7/10
So Bad, It's Good
30 May 2014
Warning: Spoilers
This movie is so incredibly dated, it is comical, and I enjoyed it for that reason.

Doug Fairbanks and his buddies are out wasting months of their lives ending the lives of Sumatran tigers (now nearly extinct), but on their way to Sumatra, Doug gets the bright idea to maroon himself on an island with nothing but a toothbrush (which he exchanges for a dog, because Robinson Crusoe had a dog). He jumps overboard and swims to shore, and somewhere off camera there must have been a Dyson air-dryer because when he arrives, he's miraculously dry, and his white shirt is crisp and clean. Cut to a month later and Doug's been hard at work building an elaborate bungalow, but there must be a quarry of Clorox bleach there because his shirt is still crisp and clean as the day he bought it.

He is completely alone on the island, but on a nearby beach a native girl refuses to marry because she doesn't want her front teeth knocked out (a custom among her people).
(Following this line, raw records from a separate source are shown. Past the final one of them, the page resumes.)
Lemma st_rel_exists : exists v : 'S_m, st_rel s v.
Proof.
pose c (i : 'I_m) := #|[set j : 'I_m | nth 0 s j < nth 0 s i]|.
have c_lt i : c i < m.
  rewrite -[m]card_ord -cardsT; apply: proper_card; rewrite properT.
  by apply/negP => /eqP E; move: (in_setT i); rewrite -E inE ltnn.
have c_mono (i j : 'I_m) : nth 0 s i < nth 0 s j -> c i < c j.
  move=> lt; apply: proper_card; apply/properP; split.
    by apply/subsetP => k; rewrite !inE => /ltn_trans; apply.
  by exists i; rewrite !inE ?lt ?ltnn.
have nth_inj (i j : 'I_m) : nth 0 s i = nth 0 s j -> i = j.
  by move=> E; apply: val_inj; apply/eqP; rewrite -(nth_uniq 0 _ _ uniq_s) ?size_s ?ltn_ord // E.
have c_ltn (i j : 'I_m) : (c i < c j) = (nth 0 s i < nth 0 s j).
  case: (ltngtP (nth 0 s i) (nth 0 s j)) => [/c_mono //|/c_mono lt|E].
    by apply/negbTE; rewrite -leqNgt ltnW.
  by rewrite (nth_inj _ _ E) ltnn.
have c_inj : injective (fun i => Ordinal (c_lt i)).
  move=> i j /(congr1 val) /= E; apply: nth_inj.
  by case: (ltngtP (nth 0 s i) (nth 0 s j)) => // /c_mono; rewrite E ltnn.
exists (perm c_inj); apply/forallP => i; apply/forallP => j.
by rewrite !permE /= c_ltn.
Qed.

Lemma st_rel_uniq (v w : 'S_m) : st_rel s v -> st_rel s w -> v = w.
Proof.
move=> /forallP Hv /forallP Hw; apply: eq_perm_ltn => i j.
by move/forallP: (Hv i) => /(_ j) /eqP ->; move/forallP: (Hw i) => /(_ j) /eqP ->.
Qed.

Lemma st_rel_st : st_rel s (st s m).
Proof.
rewrite /st; case: pickP => [v //|H].
by case: st_rel_exists => v; rewrite H.
Qed.

Lemma st_eq (v : 'S_m) : st_rel s v -> st s m = v.
Proof. exact: st_rel_uniq st_rel_st. Qed.

Lemma ltn_st (i j : 'I_m) : (st s m i < st s m j) = (nth 0 s i < nth 0 s j).
Proof. by move/forallP: st_rel_st => /(_ i) /forallP /(_ j) /eqP. Qed.

Lemma letter_st : all (fun a => a < m) s -> forall i, i < m -> letter (st s m) i = nth 0 s i.
Proof.
move=> s_lt.
have lt (i : 'I_m) : nth 0 s i < m by apply: (allP s_lt); rewrite mem_nth ?size_s.
have f_inj : injective (fun i => Ordinal (lt i)).
  move=> i j /(congr1 val) /= E; apply: val_inj; apply/eqP.
  by rewrite -(nth_uniq 0 _ _ uniq_s) ?size_s ?ltn_ord // E.
have -> : st s m = perm f_inj.
  by apply: st_eq; apply/forallP => i; apply/forallP => j; rewrite !permE.
by move=> i im; rewrite -[i]/(val (Ordinal im)) letter_ord permE.
Qed.

End Standardization.

Lemma st_word m (u : 'S_m) : st (word u) m = u.
Proof.
apply: st_eq; rewrite ?uniq_word ?size_word //.
by apply/forallP => i; apply/forallP => j; rewrite -/(letter u i) -/(letter u j) !letter_ord.
Qed.

(** * The weak order and its zeta transform *)

Section WeakOrder.
Variable m : nat.
Implicit Types u v w : 'S_m.

Lemma weak_le_refl u : weak_le u u.
Proof. by apply/forallP => i; apply/forallP => j; rewrite implybb. Qed.

Lemma weak_le_trans u v w : weak_le u v -> weak_le v w -> weak_le u w.
Proof.
move=> /forallP H1 /forallP H2; apply/forallP => i; apply/forallP => j.
by apply/implyP => /(implyP (forallP (H1 i) j)) /(implyP (forallP (H2 i) j)).
Qed.

Lemma weak_le_anti u v : weak_le u v -> weak_le v u -> u = v.
Proof.
move=> /forallP H1 /forallP H2; apply: eq_perm_ltn => i j.
have inv_eq (a b : 'I_m) : a < b -> (u b < u a) = (v b < v a).
  move=> ab; move: (forallP (H1 a) b) (forallP (H2 a) b); rewrite /Defs.inv_pair ab /=.
  by case: (u b < u a); case: (v b < v a).
have ltnN (w : 'S_m) (a b : 'I_m) : a < b -> (w a < w b) = ~~ (w b < w a).
  move=> ab; rewrite -leqNgt ltn_neqAle.
  by case: eqP => [/val_inj/perm_inj E|//]; rewrite E ltnn in ab.
case: (ltngtP (val i) (val j)) => [ij|/inv_eq //|/val_inj ->]; last by rewrite !ltnn.
by rewrite !(ltnN _ _ _ ij) inv_eq.
Qed.

Definition weak_rank v := #|[set w | weak_lt w v]|.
We catch a few glimpses of her completely topless, mostly through the reflection in the moving water as she's prepared for marriage. (Doug and Maria Alba took up together during the filming of this movie, and one wonders if he sat in the audience elbowing his buddies as they watched this scene whispering, "Look at what I got!") She escapes and paddles over to Doug's island, but she's quickly caught in one of his animal traps. He hurries to her rescue and she's conveniently knocked out, so he carries her to his bungalow. She awakens and thinks nothing of the fact that he's built this very western abode filled with devices she no doubt has no knowledge of. So what catches her attention? This must be a bachelor's apartment, as there are dirty "dishes" in the sink. What is a woman to do when she sees such disarray? Wash them of course! The ridiculousness of the plot keeps coming as the natives that Doug's girl "Saturday" escaped from find their way to the island and try to kill Doug. But he foils them alright. He snatches bunches of bananas from the trees and splays the peels out over their path, and down they go! Cinevent 2014 screened silent version of this film, which is rarer than the dubbed over talkie, but it is full of sound effects. According to the program notes, the talkie version is even worse than this one. Woof!